___ Extracted records

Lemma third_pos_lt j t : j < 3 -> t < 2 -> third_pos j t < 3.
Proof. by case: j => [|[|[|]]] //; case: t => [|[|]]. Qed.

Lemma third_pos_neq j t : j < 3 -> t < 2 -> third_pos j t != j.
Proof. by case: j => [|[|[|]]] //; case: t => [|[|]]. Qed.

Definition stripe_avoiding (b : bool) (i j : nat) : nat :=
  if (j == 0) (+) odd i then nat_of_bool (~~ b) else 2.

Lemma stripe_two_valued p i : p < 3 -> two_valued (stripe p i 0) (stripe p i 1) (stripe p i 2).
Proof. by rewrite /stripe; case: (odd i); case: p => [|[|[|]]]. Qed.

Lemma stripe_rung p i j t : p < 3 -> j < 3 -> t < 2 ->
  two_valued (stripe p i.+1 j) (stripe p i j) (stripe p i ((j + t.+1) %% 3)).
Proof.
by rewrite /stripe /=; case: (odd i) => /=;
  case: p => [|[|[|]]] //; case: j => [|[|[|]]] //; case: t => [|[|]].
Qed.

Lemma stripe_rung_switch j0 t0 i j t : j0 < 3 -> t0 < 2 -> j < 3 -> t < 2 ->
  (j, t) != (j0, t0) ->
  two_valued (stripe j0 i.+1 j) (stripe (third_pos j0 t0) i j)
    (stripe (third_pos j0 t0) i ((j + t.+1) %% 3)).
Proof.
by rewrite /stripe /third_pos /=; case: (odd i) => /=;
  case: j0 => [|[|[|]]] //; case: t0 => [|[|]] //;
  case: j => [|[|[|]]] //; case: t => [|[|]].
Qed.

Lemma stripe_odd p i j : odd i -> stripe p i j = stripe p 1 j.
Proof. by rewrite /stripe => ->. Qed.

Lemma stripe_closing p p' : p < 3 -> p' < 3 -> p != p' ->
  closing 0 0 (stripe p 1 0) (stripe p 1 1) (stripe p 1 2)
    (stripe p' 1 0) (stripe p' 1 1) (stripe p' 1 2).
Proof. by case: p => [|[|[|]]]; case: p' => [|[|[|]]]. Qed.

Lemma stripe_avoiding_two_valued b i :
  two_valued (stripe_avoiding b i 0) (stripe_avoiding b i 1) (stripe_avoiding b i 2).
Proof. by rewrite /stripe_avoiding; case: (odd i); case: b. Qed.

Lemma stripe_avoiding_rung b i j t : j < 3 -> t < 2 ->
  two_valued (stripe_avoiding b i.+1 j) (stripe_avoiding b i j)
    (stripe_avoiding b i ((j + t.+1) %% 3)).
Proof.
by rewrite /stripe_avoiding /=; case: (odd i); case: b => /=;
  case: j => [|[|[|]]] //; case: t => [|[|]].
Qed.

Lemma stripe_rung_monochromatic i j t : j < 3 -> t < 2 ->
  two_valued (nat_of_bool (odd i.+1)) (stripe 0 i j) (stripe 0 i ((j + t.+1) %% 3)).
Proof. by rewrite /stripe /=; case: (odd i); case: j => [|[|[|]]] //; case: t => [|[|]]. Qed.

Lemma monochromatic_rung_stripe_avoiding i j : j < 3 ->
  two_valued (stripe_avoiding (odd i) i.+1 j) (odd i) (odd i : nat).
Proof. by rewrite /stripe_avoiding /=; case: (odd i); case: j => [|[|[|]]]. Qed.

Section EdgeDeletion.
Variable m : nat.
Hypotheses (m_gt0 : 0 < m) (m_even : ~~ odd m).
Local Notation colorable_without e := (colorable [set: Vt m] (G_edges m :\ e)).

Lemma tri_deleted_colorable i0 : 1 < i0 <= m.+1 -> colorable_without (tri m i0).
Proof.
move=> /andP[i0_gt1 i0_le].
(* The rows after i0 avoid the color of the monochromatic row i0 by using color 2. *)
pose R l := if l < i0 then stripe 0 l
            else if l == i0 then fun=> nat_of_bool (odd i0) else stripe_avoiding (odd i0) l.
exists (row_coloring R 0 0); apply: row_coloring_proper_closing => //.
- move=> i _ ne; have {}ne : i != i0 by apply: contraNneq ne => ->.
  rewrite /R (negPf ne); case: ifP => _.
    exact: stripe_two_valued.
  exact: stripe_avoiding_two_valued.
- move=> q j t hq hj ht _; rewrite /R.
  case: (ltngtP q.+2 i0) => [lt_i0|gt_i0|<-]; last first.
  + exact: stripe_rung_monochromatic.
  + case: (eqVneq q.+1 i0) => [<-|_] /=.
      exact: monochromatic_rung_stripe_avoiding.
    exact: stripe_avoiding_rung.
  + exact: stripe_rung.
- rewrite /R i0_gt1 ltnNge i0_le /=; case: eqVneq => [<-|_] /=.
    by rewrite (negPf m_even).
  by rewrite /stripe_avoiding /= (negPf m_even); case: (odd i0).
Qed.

______

What the exercise asks: Of the lines above, copy each one that contains the word "negPf".

Written response:
  rewrite /R (negPf ne); case: ifP => _.
    by rewrite (negPf m_even).
  by rewrite /stripe_avoiding /= (negPf m_even); case: (odd i0).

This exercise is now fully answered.